[RFC,3/3] KVM: MMU: Optimize guest page table walk

Message ID	20110419033814.3cc7ab5e.takuya.yoshikawa@gmail.com (mailing list archive)
State	New, archived
Headers	show Received: from vger.kernel.org (vger.kernel.org [209.132.180.67]) by demeter1.kernel.org (8.14.4/8.14.3) with ESMTP id p3IIcSfq029853 for <patchwork-kvm@patchwork.kernel.org>; Mon, 18 Apr 2011 18:38:28 GMT DomainKey-Signature: a=rsa-sha1; c=nofws; d=gmail.com; s=gamma; h=date:from:to:cc:subject:message-id:in-reply-to:references:x-mailer :mime-version:content-type:content-transfer-encoding; b=uoswu6a/Vma+SPepp5rHI0+fHavNXTyTSZmC9Nbv6PK/BrG54RmDQIW1iTlpNH375S 1hsdRjqGBM3R3+Aoj5iliDvefaRkMuSK4E5Vl6TTIWj8ZQbdS7FrTABgFjD4X2aUSJkg laK9SD5vjBQWxOVC0Hmqe+jYl01pYiLZpAdQQ= Date: Tue, 19 Apr 2011 03:38:14 +0900 From: Takuya Yoshikawa <takuya.yoshikawa@gmail.com> To: avi@redhat.com, mtosatti@redhat.com Cc: kvm@vger.kernel.org, yoshikawa.takuya@oss.ntt.co.jp Subject: [RFC PATCH 3/3] KVM: MMU: Optimize guest page table walk Message-Id: <20110419033814.3cc7ab5e.takuya.yoshikawa@gmail.com> In-Reply-To: <20110419033220.e527bcae.takuya.yoshikawa@gmail.com> References: <20110419033220.e527bcae.takuya.yoshikawa@gmail.com> Mime-Version: 1.0 Content-Type: text/plain; charset=US-ASCII Content-Transfer-Encoding: 7bit Sender: kvm-owner@vger.kernel.org Precedence: bulk

Takuya Yoshikawa April 18, 2011, 6:38 p.m. UTC

From: Takuya Yoshikawa <yoshikawa.takuya@oss.ntt.co.jp>

We optimize multi level guest page table walk as follows:

  1. We cache the memslot which, probably, includes the next guest page
     tables to avoid searching for it many times.
  2. We use get_user() instead of copy_from_user().

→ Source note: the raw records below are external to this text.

(* Let $c$ be a real number with $2<c<4$. There exists $k_0(c)$ such that for all integers $k>k_0(c)$ for which $n=ck$ is an integer, the family $$\mathcal A_k(n,k)=\Big\{A\in\binom{[n]}{k}: 1\in A,\ A\cap[2,k+1]\neq\varnothing\Big\}\cup\{[2,k+1]\}$$ is intersecting and satisfies $$|\mathcal D(\mathcal A_k(n,k))|>\sum_{0\le\ell<k}\binom{n-1}{\ell}.$$
   Context: $[n]=\{1,\dots,n\}$, $[a,b]=\{a,a+1,\dots,b\}$; $\binom{[n]}{k}$ is the family of all $k$-element subsets of $[n]$. $\mathcal D(\mathcal F):=\{F\setminus F' : F,F'\in\mathcal F\}$. *)

From HB Require Import structures.
From mathcomp Require Import all_boot all_order all_algebra.
From mathcomp Require Import reals.
Set Implicit Arguments. Unset Strict Implicit. Unset Printing Implicit Defensive.

(* The ground set [n] = {1,...,n} is modelled inside 'I_n.+1 = {0,...,n}
   as the elements i with 0 < i. *)
Definition ground (n : nat) : {set 'I_n.+1} := [set i : 'I_n.+1 | 0 < i].

Definition one_elt (n : nat) : 'I_n.+1 := inord 1.

Definition intv (n a b : nat) : {set 'I_n.+1} :=
  [set i : 'I_n.+1 | (0 < i) && (a <= i) && (i <= b)].

Definition ksets (n k : nat) : {set {set 'I_n.+1}} :=
  [set A : {set 'I_n.+1} | (A \subset ground n) && (#|A| == k)].

Definition Akfam (n k : nat) : {set {set 'I_n.+1}} :=
  [set A in ksets n k | (one_elt n \in A) && (A :&: intv n 2 k.+1 != set0)]
  :|: [set intv n 2 k.+1].

Definition diffs (n : nat) (F : {set {set 'I_n.+1}}) : {set {set 'I_n.+1}} :=
  [set A :\: B | A in F, B in F].

Definition intersecting (n : nat) (F : {set {set 'I_n.+1}}) : Prop :=
  forall A B, A \in F -> B \in F -> A :&: B != set0.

Note that this is kind of a restricted way of Xiao's more generic
work: "KVM: optimize memslots searching and cache GPN to GFN."

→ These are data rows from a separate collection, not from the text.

Lemma prob_split_lt {A : set T} {b c : int} : measurable A -> b != c ->
  pr A = pr (A `&` lt_event b c) + pr (A `&` lt_event c b).
Proof.
move=> mA bc; pose tie := [set w | eps b w = eps c w].
have mtie : measurable tie by apply: measurable_eqr_set; exact: measurable_funPT.
have mAbc := measurableI _ _ mA (measurable_lt_event b c).
have mAcb := measurableI _ _ mA (measurable_lt_event c b).
have mAtie := measurableI _ _ mA mtie.
have A_split : A = (A `&` lt_event b c `|` A `&` lt_event c b) `|` A `&` tie.
  apply/seteqP; split => [w Aw|w [[[]|[]]|[]]//].
  by case: (ltgtP (eps b w) (eps c w)); [left; left|left; right|right].
have lt_disj : A `&` lt_event b c `&` (A `&` lt_event c b) = set0.
  apply/seteqP; split => // w [[_ /= lt_bc] [_ /= lt_cb]].
  by have := lt_trans lt_bc lt_cb; rewrite ltxx.
have tie_disj : (A `&` lt_event b c `|` A `&` lt_event c b) `&` (A `&` tie) = set0.
  apply/seteqP; split => // w [[[_ /= lt_bc]|[_ /= lt_cb]] [_ /= eq_bc]].
  + by rewrite eq_bc ltxx in lt_bc.
  + by rewrite eq_bc ltxx in lt_cb.
rewrite {1}A_split !measureU //; last exact: measurableU.
rewrite (@subset_measure0 _ _ _ P (A `&` tie) tie) ?adde0 //; last first.
  exact: prob_eps_eq.
by rewrite fineD //; exact: fin_num_measure.
Qed.

Let lt_pair := [set p : R * R | p.1 < p.2].
Let measurable_lt_pair : measurable lt_pair.
Proof. exact: measurable_ltr_set. Qed.

Let max_of_three := [set p : R * R * R | p.1.1 < p.1.2 /\ p.2 < p.1.2].
Let measurable_max_of_three : measurable max_of_three.
Proof.
apply: measurableI; apply: measurable_ltr_set => //.
- exact: measurableT_comp.
- exact: measurableT_comp.
- exact: measurableT_comp.
Qed.

Let lt_two_pairs := [set p : R * R * R * R | p.1.1.1 < p.1.1.2 /\ p.1.2 < p.2].
Let measurable_lt_two_pairs : measurable lt_two_pairs.
Proof.
apply: measurableI; apply: measurable_ltr_set => //.
- by apply: measurableT_comp => //; exact: measurableT_comp.
- by apply: measurableT_comp => //; exact: measurableT_comp.
- exact: measurableT_comp.
Qed.

Lemma prob_lt_event a b : a != b -> pr (lt_event a b) = 1 / 2.
Proof.
move=> ab; have := prob_split_lt measurableT ab.
rewrite probability_setT !setTI.
have -> : pr (lt_event b a) = pr (lt_event a b).
  congr fine; change (distribution P (eps2 b a) lt_pair =
                      distribution P (eps2 a b) lt_pair).
  by apply: distribution_eps2_exchange; rewrite // eq_sym.
by rewrite /=; lra.
Qed.

Lemma prob_max_of_three a b c : uniq [:: a; b; c] ->
  pr (lt_event a b `&` lt_event c b) = 1 / 3.
Proof.
(* up to ties, exactly one of a, b, c carries the maximum, and by
   exchangeability each does so with the same probability *)
rewrite /= !inE => abc.
have ab : a != b by lia.
have ca : c != a by lia.
have cb : c != b by lia.
have := prob_split_lt measurableT ab; rewrite probability_setT !setTI /=.
have := prob_split_lt (measurable_lt_event a b) cb.
have := prob_split_lt (measurable_lt_event b a) ca.
have := prob_split_lt
  (measurableI _ _ (measurable_lt_event a c) (measurable_lt_event b c)) ab.
have -> : lt_event a c `&` lt_event b c `&` lt_event a b =
          lt_event a b `&` lt_event b c.
  by apply/seteqP; split => w /= [] => [[]|] // lt_ab lt_bc; do !split => //;
    exact: lt_trans lt_bc.
have -> : lt_event a c `&` lt_event b c `&` lt_event b a =
          lt_event b a `&` lt_event a c.
  by apply/seteqP; split => w /= [] => [[]|] // lt_ba lt_ac; do !split => //;
    exact: lt_trans lt_ac.
have -> : pr (lt_event b a `&` lt_event c a) = pr (lt_event a b `&` lt_event c b).
  congr fine; change (distribution P (eps3 b a c) max_of_three =
                      distribution P (eps3 a b c) max_of_three).
  by apply: distribution_eps3_exchange => //; rewrite /= !inE; lia.
have -> : pr (lt_event a c `&` lt_event b c) = pr (lt_event a b `&` lt_event c b).
  congr fine; change (distribution P (eps3 a c b) max_of_three =
                      distribution P (eps3 a b c) max_of_three).
  by apply: distribution_eps3_exchange => //; rewrite /= !inE; lia.
lra.
Qed.

Lemma prob_lt_chain a b c : uniq [:: a; b; c] ->
  pr (lt_event a b `&` lt_event b c) = 1 / 6.
Proof.
move=> abc; have cb : c != b by move: abc; rewrite /= !inE; lia.
have := prob_split_lt (measurable_lt_event a b) cb.
rewrite prob_lt_event ?prob_max_of_three //; first lra.
by move: abc; rewrite /= !inE; lia.
Qed.

Lemma prob_min_of_three a b c : uniq [:: a; b; c] ->
  pr (lt_event b a `&` lt_event b c) = 1 / 3.
Proof.
rewrite /= !inE => abc; have cb : c != b by lia.
have := prob_split_lt (measurable_lt_event b a) cb.
rewrite prob_lt_event; last by lia.
rewrite [lt_event b a `&` lt_event c b]setIC prob_lt_chain; first lra.
by rewrite /= !inE; lia.
Qed.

With this patch applied, paging64_walk_addr_generic() has improved
as the following tracing results show.

Before:
  3.169 us   |  paging64_walk_addr_generic();
  1.880 us   |  paging64_walk_addr_generic();
  1.243 us   |  paging64_walk_addr_generic();
  1.517 us   |  paging64_walk_addr_generic();
  3.009 us   |  paging64_walk_addr_generic();
  1.814 us   |  paging64_walk_addr_generic();
  1.340 us   |  paging64_walk_addr_generic();
  1.659 us   |  paging64_walk_addr_generic();
  1.748 us   |  paging64_walk_addr_generic();
  1.488 us   |  paging64_walk_addr_generic();

After:
  1.714 us   |  paging64_walk_addr_generic();
  0.806 us   |  paging64_walk_addr_generic();
  0.664 us   |  paging64_walk_addr_generic();
  0.619 us   |  paging64_walk_addr_generic();
  0.645 us   |  paging64_walk_addr_generic();
  0.605 us   |  paging64_walk_addr_generic();
  1.388 us   |  paging64_walk_addr_generic();
  0.753 us   |  paging64_walk_addr_generic();
  0.594 us   |  paging64_walk_addr_generic();
  0.833 us   |  paging64_walk_addr_generic();

Signed-off-by: Takuya Yoshikawa <yoshikawa.takuya@oss.ntt.co.jp>
---
 arch/x86/kvm/paging_tmpl.h |   37 ++++++++++++++++++++++++++++++++-----
 1 files changed, 32 insertions(+), 5 deletions(-)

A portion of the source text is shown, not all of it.